The Senate made a quiet piece of history on Monday when it confirmed J. Paul Oetken, an openly gay man, to the federal bench. This is the first time an openly gay man has been approved as a federal judge.
In January President Obama nominated Oetken to sit as a judge on the U.S. District Court for the Southern District of New York.
The Senate confirmed Oetken in an 80-13 vote after 30 minutes of positive debate. Only a simple majority vote was required so while there were quite a few abstentions from Republicans, including Senate Minority Leader Mitch McConnell (R-Ky.), a great deal of Republican support was freely given. As the vote showed, Oetken’s sexuality was only a footnote in the debate where once it would have been a major sticking point.
Even some of the chamber’s most ardent social conservatives, Tom Coburn, John Cornyn, Jeff Sessions, Jon Kyl, cast votes for Oetken. When the lopsided vote tally of 80-13 was read out, there was no cheer or reaction of any kind. Senators continued their conversations as if nothing unusual had happened.
It would be premature to believe that Oetken’s easy confirmation heralds some new post-sexual era in American politics; the fight over gay marriage continues undiminished. But it was a signal moment nonetheless. The nominee’s sexual orientation was deemed unimportant — or at least less important than his moderate politics and his pro-business record (he’s a corporate lawyer, with Cablevision).
“As the first openly gay man to be confirmed as a federal judge,” Sen. Chuck Schumer (D-N.Y.) told a nearly empty chamber before the vote, “he will be a symbol of how much we have achieved as a country in just the last few decades. And importantly, he will give hope to many talented young lawyers who until now thought their paths might be limited because of their sexual orientation. When Paul becomes Judge Oetken, he will be living proof to all those young lawyers that it really does get better.”
Reaction to Oetken’s appointment, both from the White House and from LGBT rights groups, was similarly measured yet celebratory.
Joe Solmonese, president of the Human Rights Campaign, praised the Senate for what he said was a “historic vote” in confirming an openly gay male to the federal bench.
“Confirmation of Paul Oetken serves as a role model for all LGBT people interested in serving on the judiciary and shows LGBT youth that hard work pays off,” Solmonese said.

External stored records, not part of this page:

Lemma abscissa_cone (x : cone_space) t z :
  set_val x = cone t z -> abscissa x = if z 0%N then cos t else 0.
Proof. by rewrite /abscissa => ->; rewrite /cone; case: (z 0%N). Qed.

Lemma opene_abscissa_gt : opene (abscissa @^-1` [set r | 9/10 < r]).
Proof.
split; first by apply: open_comp => [x _|]; [exact: abscissa_continuous | exact: open_gt].
exists (to_cone 0 sparse_pulse).
by rewrite /preimage /= (abscissa_cone (set_val_to_cone _ _)) /= cos0; lra.
Qed.

Lemma opene_abscissa_lt : opene (abscissa @^-1` [set r | r < - (9/10)]).
Proof.
split; first by apply: open_comp => [x _|]; [exact: abscissa_continuous | exact: open_lt].
exists (to_cone pi sparse_pulse).
by rewrite /preimage /= (abscissa_cone (set_val_to_cone _ _)) /= cospi; lra.
Qed.

Lemma cos_gt_abscissa (x : cone_space) t z :
  set_val x = cone t z -> 9/10 < abscissa x -> 9/10 < cos t.
Proof. by move=> /abscissa_cone ->; case: (z 0%N) => //; lra. Qed.

Lemma cos_lt_abscissa (x : cone_space) t z :
  set_val x = cone t z -> abscissa x < - (9/10) -> cos t < - (9/10).
Proof. by move=> /abscissa_cone ->; case: (z 0%N) => //; lra. Qed.

(* the angle is a factor onto the rotation by [1]: [cos n] would be both positive and negative *)
Lemma cone_map_not_weakly_mixing : ~ weakly_mixing cone_map.
Proof.
move=> /(_ _ _ (opene_setX opene_abscissa_gt opene_abscissa_gt)
  (opene_setX opene_abscissa_gt opene_abscissa_lt)).
move=> [n [[a b] [[/= a_right b_right]]]].
rewrite /preimage /= iter_pair => -[/= na_right nb_left].
have [t [z [_ aE]]] := cone_spaceP a; have [t' [z' [_ bE]]] := cone_spaceP b.
have := cos_sub_gt0 (cos_gt_abscissa aE a_right)
  (cos_gt_abscissa (iter_cone_map n aE) na_right).
have := cos_sub_lt0 (cos_gt_abscissa bE b_right)
  (cos_lt_abscissa (iter_cone_map n bE) nb_left).
by rewrite ![_ + n%:R]addrC !addrK; lra.
Qed.

Lemma cone_uncurry_continuous : continuous (fun w : R * cantor_space => cone w.1 w.2).
Proof.
apply: prod_topology_continuous => n w N; rewrite /cone => Nw.
have z_near : \forall w' \near w, w'.2 n = w.2 n.
  have zn_near : nbhs w.2 [set z' : cantor_space | z' n = w.2 n].
    exact: (@proj_continuous nat (fun _ => bool) n w.2 _ (discrete_set1 (w.2 n))).
  exact: (@cvg_snd _ _ (nbhs w.1) (nbhs w.2) _ _ zn_near).
case: ifP Nw => wn Nw.
  have t_near : \forall w' \near w, N (cis w'.1).
    have := @continuous_comp _ _ _ (fun w' : (R * cantor_space)%type => w'.1) cis w
      (@cvg_fst _ _ (nbhs w.1) (nbhs w.2) _) (@cis_continuous R w.1) N Nw.
    exact.
  by apply: filterS (filterI z_near t_near) => w' [/= ->]; rewrite wn.
by apply: filterS z_near => w' /= ->; rewrite wn; exact: nbhs_singleton Nw.
Qed.

Lemma cone_setE : cone_set =
  (fun w : R * cantor_space => cone w.1 w.2) @` (`[0, tau] `*` [set z : cantor_space | sparse z]).
Proof.
apply/seteqP; split => [_ [t [z [sz ->]]]|_ [[t z] [_ sz] <-]]; last by exists t, z.
exists (frac_turn t * tau, z) => /=.
  split => //=; rewrite in_itv /= mulr_ge0 ?frac_turn_ge0 ?ltW ?tau_gt0 //=.
  by rewrite gtr_pMl ?frac_turn_lt1 ?tau_gt0.
by rewrite -[LHS](cone_tauZ _ (turns t)) -mulrDl addrC -turns_frac_turnE.
Qed.

Lemma cone_space_compact : compact [set: cone_space].
Proof.
apply: set_type_compact; rewrite cone_setE; apply: continuous_compact.
  by apply: continuous_subspaceT; exact: cone_uncurry_continuous.
apply: compact_setX; first exact: segment_compact.
exact: subclosed_compact sparse_closed cantor_space_compact (subsetT _).
Qed.

Lemma cone_space_hausdorff : hausdorff_space cone_space.
Proof. by apply/set_type_hausdorff/hausdorff_product => _; exact: norm_hausdorff. Qed.

Lemma apex_neq_pulse : apex != to_cone 0 sparse_pulse.
Proof. by apply/eqP => /(congr1 set_val) /cone_inj /(congr1 (fun z => z 0%N)). Qed.

Lemma cone_space_no_isolated (x : cone_space) : ~ open [set x].
Proof.
move=> [C oC Cx1]; have [t [z [sz xE]]] := cone_spaceP x.
have Cx : C (cone t z) by rewrite -xE; have : [set x] x by []; rewrite -Cx1.
have [L [d [d_gt0 box]]] := nbhs_cone (open_nbhs_nbhs (conj oC Cx)).
have Ln : (L.+1 <= 5 * L.+1)%N by rewrite leq_pmull.
have splice_eq w : sparse w -> splice z L.+1 (5 * L.+1) w = z.
  move=> sw; have sg := sparse_splice sz sw (leqnn (5 * L.+1)).
  have : (set_val @^-1` C) (to_cone t sg).
    rewrite /preimage /=; apply: box; first by rewrite subrr normr0.
    by move=> i iL; rewrite splice_l // ltnW.
  by rewrite Cx1 => /(congr1 set_val); rewrite set_val_to_cone xE => /cone_inj.
have := congr1 (fun w => w (0 + 5 * L.+1)%N) (splice_eq _ sparse_false).
have := congr1 (fun w => w (0 + 5 * L.+1)%N) (splice_eq _ sparse_pulse).
by rewrite /= !splice_r // => <-.
Qed.

Lemma shift_rotate_continuous : continuous shift_rotate.
Proof.
apply: prod_topology_continuous => n p.
exact: (@continuous_comp _ _ _ (fun q : ambient => q n.+1) (rotate 1) p
  (@proj_continuous _ _ n.+1 p) (@rotate_continuous R 1 (p n.+1))).
Qed.

Lemma cone_map_continuous : continuous cone_map.
Proof.
apply: (@continuous_comp_initial _ _ _ set_val cone_map) => x.
have -> : set_val \o cone_map = shift_rotate \o set_val by [].
by apply: continuous_comp; [exact: set_val_continuous | exact: shift_rotate_continuous].
Qed.

Lemma cone_map_surjective (y : cone_space) : exists x, cone_map x = y.
Proof.
have [t [z [sz yE]]] := cone_spaceP y.
exists (to_cone (t - 1) (sparse_delay_seq 1 sz)); apply: val_inj; rewrite -set_valE.
rewrite set_val_cone_map set_val_to_cone shift_rotate_cone subrK yE.
by congr cone; apply: funext; exact: delay_seqK.
Qed.

Lemma cone_dynamical_system : dynamical_system cone_map.
Proof.
split; [exact: cone_space_compact | exact: cone_space_hausdorff | | |].
- by exists apex, (to_cone 0 sparse_pulse); apply/eqP/apex_neq_pulse.
- exact: cone_space_no_isolated.
- by split; [exact: cone_map_continuous | exact: cone_map_surjective].
Qed.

Shin Inouye, a White House spokesperson, also commended the Senate for confirming Obama’s nomination in a statement, although he made no mention of the nominee’s sexual orientation.
“The president welcomes the confirmation of Mr. Oetken and is confident that he will serve the American people with distinction from the district court bench,” Inouye said.
Oetken’s career has been varied and noteworthy. He has practiced law with Debevoise and Plimpton since 2004 and between 1999–2001 Oetken served as associate counsel to President Clinton where he specialized in First Amendment and civil rights issues.
Oetken did not shy away from discussing his identity during the confirmation hearings either, talking freely about his work for LGBT-specific causes. He has enjoyed working with both Lambda Legal and the American Civil Liberties Union and also co-authored a friend-of-the-court brief in the landmark Lawrence v. Texas case which led to the U.S. Supreme Court striking down the country’s sodomy laws.
While Oetken is the first openly gay man to be appointed to the federal bench he is not the first gay man to serve in such a capacity. Certainly, there have been several others including the most recently retired Judge Vaughn Walker, an independently minded conservative who presided over California’s Proposition 8 gay marriage trial and later confirmed what was an open secret: that he has been in a decade-long relationship with another man.
Oetken is not the first out LGBT person to serve either. That distinction is widely attributed to U.S. District Judge Deborah Batts, an out lesbian who currently sits on the U.S. District Court for the Southern District of New York. Batts was appointed in 1994 during the Clinton administration.